A Democratic Party activist, he and his wife, Mary, were seated among the dignitaries at the 1960 inauguration of President John F. Kennedy, Capoeman-Baller said.
Jackson's great-grandfather, Chief Taholah, and another ancestor, Chief Kape, were the first two signers of the 1855 Quinault River Treaty with the United States.
The treaty established a 10,000-acre reservation that today covers 211,000 acres of rain forest and rugged coastline about 75 miles north of the mouth of the Columbia River.
A lawsuit over the federal government's logging practices that Jackson helped organize was settled for $26 million in the early 1990s, DeLaCruz said. The tribe also briefly closed 28 miles of coastline because of litter problems, and still restricts beach access.
Survivors include his wife, Mary; four sons, a daughter, 14 grandchildren and 16 great-grandchildren.
SACRAMENTO (AP) _ Wilson Riles, California's first black statewide elected official, died Thursday. He was 81.
Riles became state schools superintendent in 1970, serving as California's leading schools advocate. He had a 12-year tenure before losing election in 1982.
Riles went to work for the state Department of Education in 1958, heading a program to encourage schools to hire minority teachers.
As superintendent, Riles supported school integration but opposed mandatory busing. He also advocated higher testing standards.
Lila Hotz Luce Tyng
GLADSTONE, N.J. (AP) _ Lila Hotz Luce Tyng, the first wife of Time Inc. founder Henry R. Luce and a leader of New York's social and philanthropic circles, died Wednesday. She was 100.

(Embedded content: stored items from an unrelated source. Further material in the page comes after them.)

(* Let $m\ge 1$, $n=2m$, and let $\gamma(X_0,X_1,\ldots,X_{m-1})\in\mathbb{F}_2[X_0,\ldots,X_{m-1}]$ be a reduced polynomial of algebraic degree $d$. Define the Boolean function $f:\mathbb{F}_2^n\to\mathbb{F}_2$ by $$f(x_0,\ldots,x_{n-1})=\sum_{i=0}^{m-1}x_ix_{i+m}+\gamma(x_0+x_m,\,x_1+x_{m+1},\,\ldots,\,x_{m-1}+x_{2m-1}).$$ Then $f$ is a bent function. Moreover, if $\gamma$ is rotation symmetric (i.e. $\gamma(X_0,X_1,\ldots,X_{m-1})=\gamma(X_1,\ldots,X_{m-1},X_0)$), then $f$ is a rotation symmetric bent function on $\mathbb{F}_2^n$. Furthermore, if $d\ge 2$, then $f$ has algebraic degree $d$.
   Context: Every Boolean function $f:\mathbb{F}_2^n\to\mathbb{F}_2$ is identified with its algebraic normal form, a reduced polynomial $\sum_{u\in\mathbb{F}_2^n}c_u\prod_{i=0}^{n-1}x_i^{u_i}$ with $c_u\in\mathbb{F}_2$ (each variable appears with exponent at most 1); its algebraic degree is the largest number of variables in a monomial with nonzero coefficient. $f$ is rotation symmetric if $f(x_1,x_2,\ldots,x_{n-1},x_0)=f(x_0,x_1,\ldots,x_{n-1})$ for all $x\in\mathbb{F}_2^n$. The Walsh transform is $\mathcal{W}_f(b)=\sum_{x\in\mathbb{F}_2^n}(-1)^{f(x)+\sum_i x_ib_i}$, and $f$ is bent if $\mathcal{W}_f(b)=\pm 2^{n/2}$ for all $b\in\mathbb{F}_2^n$. *)

From mathcomp Require Import all_boot all_order all_algebra.
Set Implicit Arguments. Unset Strict Implicit. Unset Printing Implicit Defensive.
Import GRing.Theory Num.Theory.

Definition vec (n : nat) := {ffun 'I_n -> bool}.

Definition boolfun (n : nat) := vec n -> bool.

(* A reduced polynomial in F_2[X_0..X_{n-1}] (algebraic normal form):
   coefficient c_S for each monomial prod_{i in S} X_i, S a subset of vars. *)
Definition anf (n : nat) := {ffun {set 'I_n} -> bool}.
From Pilot Require Import Defs.
From HB Require Import structures.
From mathcomp Require Import all_boot all_order all_algebra.
From mathcomp Require Import all_classical all_reals all_analysis.
From mathcomp Require Import ring lra.
Set Implicit Arguments. Unset Strict Implicit. Unset Printing Implicit Defensive.
Import Order.TTheory GRing.Theory Num.Theory.
Import numFieldNormedType.Exports.
Local Open Scope classical_set_scope.
Local Open Scope ring_scope.

(** Each of the three parts of the direction d^k correlates with x^k - x⋆.
    Convexity of f_{i^*} gives <w^k, x^k - x⋆> >= phi(x^k) - phi(x⋆) = Delta_k - sigma;
    the variational inequality of the projections onto C and Q^+, convexity of the f_i
    and nonnegativity of the residual rho^k give <z^k, x^k - x⋆> >= H_k and
    <v^k, x^k - x⋆> >= G_k.  Hence <d^k, x^k - x⋆> >= Phi_k - alpha_k sigma, and
    expanding ||x^k - x⋆ - (lambda_k / eta_k) d^k||^2 with eta_k >= max(mu, ||d^k||)
    yields the bound. *)

Section euclidean.
Variables (R : realType) (n : nat).
Implicit Types (u v w : 'rV[R]_n) (S : set 'rV[R]_n).

Lemma dotvC u v : dotv u v = dotv v u.
Proof. by apply: eq_bigr => j _; rewrite mulrC. Qed.

Lemma dotvDl u v w : dotv (u + v) w = dotv u w + dotv v w.
Proof. by rewrite /dotv -big_split; apply: eq_bigr => j _; rewrite mxE mulrDl. Qed.

Lemma dotvZl a u v : dotv (a *: u) v = a * dotv u v.
Proof. by rewrite /dotv mulr_sumr; apply: eq_bigr => j _; rewrite mxE mulrA. Qed.

Lemma dotvBl u v w : dotv (u - v) w = dotv u w - dotv v w.
Proof. by rewrite dotvDl -scaleN1r dotvZl mulN1r. Qed.

Lemma dotvBr u v w : dotv w (u - v) = dotv w u - dotv w v.
Proof. by rewrite dotvC dotvBl !(dotvC w). Qed.

Lemma dotvZr a u v : dotv v (a *: u) = a * dotv v u.
Proof. by rewrite dotvC dotvZl dotvC. Qed.

Lemma dotvNr u v : dotv u (- v) = - dotv u v.
Proof. by rewrite -scaleN1r dotvZr mulN1r. Qed.

Lemma dotv_suml (I : finType) (a : I -> R) (g : I -> 'rV[R]_n) v :
  dotv (\sum_i a i *: g i) v = \sum_i a i * dotv (g i) v.
Proof.
rewrite (big_morph (fun u => dotv u v) (id1 := 0) (op1 := +%R)).
- by apply: eq_bigr => i _; rewrite dotvZl.
- by move=> u w; rewrite dotvDl.
- by rewrite /dotv big1 // => j _; rewrite mxE mul0r.
Qed.

Lemma dotv_delta u i : dotv u (delta_mx ord0 i) = u ord0 i.
Proof.
rewrite /dotv (bigD1 i) //= big1 ?addr0; first by rewrite mxE !eqxx mulr1.
by move=> j ji; rewrite mxE (negbTE ji) andbF mulr0.
Qed.

Lemma dotv_ge0 u : 0 <= dotv u u.
Proof. by apply: sumr_ge0 => j _; rewrite -expr2 sqr_ge0. Qed.

Lemma enorm_ge0 u : 0 <= enorm u.
Proof. exact: sqrtr_ge0. Qed.

Lemma enorm_sqr u : enorm u ^+ 2 = dotv u u.
Proof. by rewrite sqr_sqrtr // dotv_ge0. Qed.

Lemma enorm_sqrB u v s :
  enorm (u - s *: v) ^+ 2 = enorm u ^+ 2 - 2 * s * dotv u v + s ^+ 2 * enorm v ^+ 2.
Proof. by rewrite !enorm_sqr !dotvBl !dotvBr !dotvZl !dotvZr (dotvC v u); ring. Qed.
(* In the Byblos protocol described in the context, if two correct servers both apply to their logs two conflicting, non-cancelled transactions $T_1$ and $T_2$, then they apply them in the same order.
   Context: Byblos protocol. There are $n=4f+1$ servers, at most $f$ Byzantine, the rest correct. Clients are not Byzantine (may crash). Messages between correct parties are eventually delivered, FIFO, authenticated; client messages are signed and unforgeable. Each transaction declares a read set and a write set of keys of a key-value store; two transactions conflict if the write set of one intersects the read or write set of the other. A fixed total order $<$ on transactions (by hash of identifier) is used for tie-breaking. Each correct server keeps: integer $\mathit{clock}$ (initially $0$); sets $\mathit{proposed}[s]$ of pairs $(T,k)$ per server $s$; maps $\mathit{confirmed}[t]$, $\mathit{pending}[t]$ (initially empty); sets $\mathit{committed}$, $\mathit{cancelled}$, $\mathit{resolving}$, $\mathit{ConfirmWitness}[T]$, $\mathit{CancelWitness}[T]$; a $\mathit{log}$; a ledger state; timers $\mathit{timer}[t]$; a timeout constant $\delta$. Client with transaction $T$: broadcasts $\mathrm{Propose}(T)$; waits for $\mathrm{ProposeAck}(T,\cdot)$ from at least $n-f$ servers; sets $\hat t$ to $1$ plus the $(f+1)$-st largest received value (missing values count as $0$); broadcasts $\mathrm{Confirm}(T,\hat t)$; waits for $f+1$ identical $\mathrm{ResolveAck}(T,\mathit{code},\mathit{result})$ and returns $\mathit{result}$ if $\mathit{code}=\mathrm{COMMIT}$, else $\bot$. Correct server: (i) on $\mathrm{Propose}(T)$ from a client, adds $(T,\mathit{clock})$ to $\mathit{proposed}[\mathit{self}]$, sends $\mathrm{Proposed}(T,\mathit{clock})$ to all servers and $\mathrm{ProposeAck}(T,\mathit{clock})$ to the client; (ii) on $\mathrm{Proposed}(T,k)$ from server $s$, adds $(T,k)$ to $\mathit{proposed}[s]$; (iii) on $\mathrm{Confirm}(T,\hat t)$ from a client or server $s$: $\mathit{clock}:=\max(\mathit{clock},\hat t)$, adds $T$ to $\mathit{confirmed}[\hat t]$, forwards the Confirm to all servers once, adds $s$ to $\mathit{ConfirmWitness}[T]$; if $\mathit{pending}[\hat t]=\emptyset$ and $|\mathit{ConfirmWitness}[T]|=n-f$, sets $\mathit{pending}[\hat t]$ to the set of $T'$ with $(T',k)\in\mathit{proposed}[s']$ for some $s'\in\mathit{ConfirmWitness}[T]$, $k\le\hat t$, and sets $\mathit{timer}[\hat t]$ to expire after $\delta$; if $T\notin\mathit{resolving}$, adds it and starts a resolution of $T$ with input COMMIT; (iv) on $\mathrm{StartResolution}(T,\mathit{code})$ from server $s$ with $T\notin\mathit{resolving}$: if COMMIT, adds $T$ to $\mathit{resolving}$ and starts a resolution with input COMMIT; if CANCEL, adds $s$ to $\mathit{CancelWitness}[T]$ and once it has $\ge f+1$ members, adds $T$ to $\mathit{resolving}$ and starts a resolution with input CANCEL; (v) when $\mathit{timer}[t]$ expires, starts a resolution with input CANCEL for each $T'\in\mathit{pending}[t]$ not in $\mathit{resolving}$ (adding it). A resolution of $T$ sends $\mathrm{StartResolution}(T,\mathit{code})$ to all servers and runs a binary Byzantine consensus instance for $T$ (input $1$ for COMMIT, $0$ for CANCEL) satisfying agreement and validity, and terminating in periods of synchrony; decision $1$ adds $T$ to $\mathit{committed}$, decision $0$ to $\mathit{cancelled}$. Apply rule: $\mathrm{OrderBefore}(T,T')$ holds iff $T\in\mathit{confirmed}[t]$ and either $T'\in\mathit{confirmed}[t']$ with $t<t'$, or $T'\in\mathit{confirmed}[t]$ and $T<T'$. The server appends $T$ to its log, applies it to the state, and sends $\mathrm{ResolveAck}(T,\mathrm{COMMIT},\mathit{result})$ to its client when $T\in\mathit{committed}\cap\mathit{confirmed}[t]$, $\mathit{pending}[t]\neq\emptyset$, and every $T'\in\mathit{pending}[t]$ either does not conflict with $T$, is in $\mathit{cancelled}$, is in the log, or satisfies $\mathrm{OrderBefore}(T,T')$. A transaction in $\mathit{cancelled}$ not in the log is appended (without being applied) and $\mathrm{ResolveAck}(T,\mathrm{CANCEL},\bot)$ is sent. *)

From mathcomp Require Import all_boot.

Section Byblos.

(* f = max number of Byzantine servers; servers are 'I_n with n = 4f+1 *)
Variable f : nat.
Local Notation Server := 'I_(4 * f + 1).
Local Notation quorum := (4 * f + 1 - f).

(* transactions (with identifiers, hence an eqType) and keys *)
Variable Tx : eqType.
Variable Key : Type.
Variables rset wset : Tx -> Key -> Prop.
Variable ltx : rel Tx.                       (* the fixed total order < on transactions *)
Variable Byz : {set Server}.

Definition conflict (T1 T2 : Tx) : Prop :=
  (exists k, wset T1 k /\ (rset T2 k \/ wset T2 k)) \/
  (exists k, wset T2 k /\ (rset T1 k \/ wset T1 k)).

(* protocol messages exchanged with / between servers.
   MStart T true = StartResolution(T, COMMIT), MStart T false = ... CANCEL *)
Inductive Msg :=
| MPropose of Tx
| MProposed of Tx & nat
| MConfirm of Tx & nat
| MStart of Tx & bool.

Record SState := mkS {
  clock : nat;
  proposed : Server -> Tx -> nat -> Prop;
  confirmed : nat -> Tx -> Prop;
  pending : nat -> Tx -> Prop;
  timer : nat -> bool;                       (* timer[t] armed, not yet expired *)
  cwit : Tx -> {set Server};
  xwit : Tx -> {set Server};
  forwarded : Tx -> nat -> Prop;
  resolving : Tx -> Prop;
  rinput : Tx -> bool -> Prop;               (* input of the resolution of T (true = COMMIT) *)
  decided : Tx -> bool -> Prop;              (* decision of the consensus for T:
                                                true = committed, false = cancelled *)
  log : seq (Tx * bool)                      (* (T,true) applied, (T,false) cancelled *)
}.

Definition committed (σ : SState) T := decided σ T true.
Definition cancelled (σ : SState) T := decided σ T false.
Definition in_log (σ : SState) T := exists b, (T, b) \in log σ.

Definition add_proposed (σ : SState) (s : Server) (T : Tx) (k : nat) : SState :=
  mkS (clock σ)
      (fun s' T' k' => (s' = s /\ T' = T /\ k' = k) \/ proposed σ s' T' k')
      (confirmed σ) (pending σ) (timer σ) (cwit σ) (xwit σ) (forwarded σ)
      (resolving σ) (rinput σ) (decided σ) (log σ).

(* first part of handling Confirm(T,t) from [from] (None = the client):
   clock := max(clock,t), T added to confirmed[t], sender added to ConfirmWitness[T] *)
Definition confirm_core (σ : SState) (from : option Server) (T : Tx) (t : nat) : SState :=
  mkS (maxn (clock σ) t) (proposed σ)
      (fun t' T' => (t' = t /\ T' = T) \/ confirmed σ t' T')
      (pending σ) (timer σ)
      (fun T' => if (T' == T) then
                   (if from is Some s then s |: cwit σ T' else cwit σ T')
                 else cwit σ T')
      (xwit σ) (forwarded σ) (resolving σ) (rinput σ) (decided σ) (log σ).

Definition mark_forwarded (σ : SState) (T : Tx) (t : nat) : SState :=
  mkS (clock σ) (proposed σ) (confirmed σ) (pending σ) (timer σ) (cwit σ) (xwit σ)
      (fun T' t' => (T' = T /\ t' = t) \/ forwarded σ T' t')
      (resolving σ) (rinput σ) (decided σ) (log σ).

Definition pending_of (σ : SState) (T : Tx) (t : nat) : Tx -> Prop :=
  fun T' => exists s k, s \in cwit σ T /\ proposed σ s T' k /\ k <= t.

Definition set_pending (σ : SState) (t : nat) (P : Tx -> Prop) : SState :=
  mkS (clock σ) (proposed σ) (confirmed σ)
      (fun t' => if t' == t then P else pending σ t')
      (fun t' => if t' == t then true else timer σ t')
      (cwit σ) (xwit σ) (forwarded σ) (resolving σ) (rinput σ) (decided σ) (log σ).

Definition start_res (σ : SState) (T : Tx) (b : bool) : SState :=
  mkS (clock σ) (proposed σ) (confirmed σ) (pending σ) (timer σ) (cwit σ) (xwit σ)
      (forwarded σ)
      (fun T' => T' = T \/ resolving σ T')
      (fun T' b' => (T' = T /\ b' = b) \/ rinput σ T' b')
      (decided σ) (log σ).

Born in Chicago in 1899, she met Luce on New Year's Eve 1919 through Thornton Wilder, one of his Yale classmates. They were married in 1923.
They divorced in 1935, shortly after Luce met the author Claire Boothe, who became his second wife.
Mrs. Tyng and Luce, who died in 1967, had two sons: Henry Luce III, chairman and chief executive of the Henry Luce Foundation in New York, and Peter Paul Luce of Englewood, Colo.
In 1939, she married Sewell Tappan Tyng, a lawyer, author, head of a mining company and assistant to the New York City District Attorney, Thomas E. Dewey. She served on the boards of several institutions and once reported attending 36 balls in 36 weeks.
Besides her two sons, Mrs. Tyng is survived by six grandchildren and five great-grandchildren.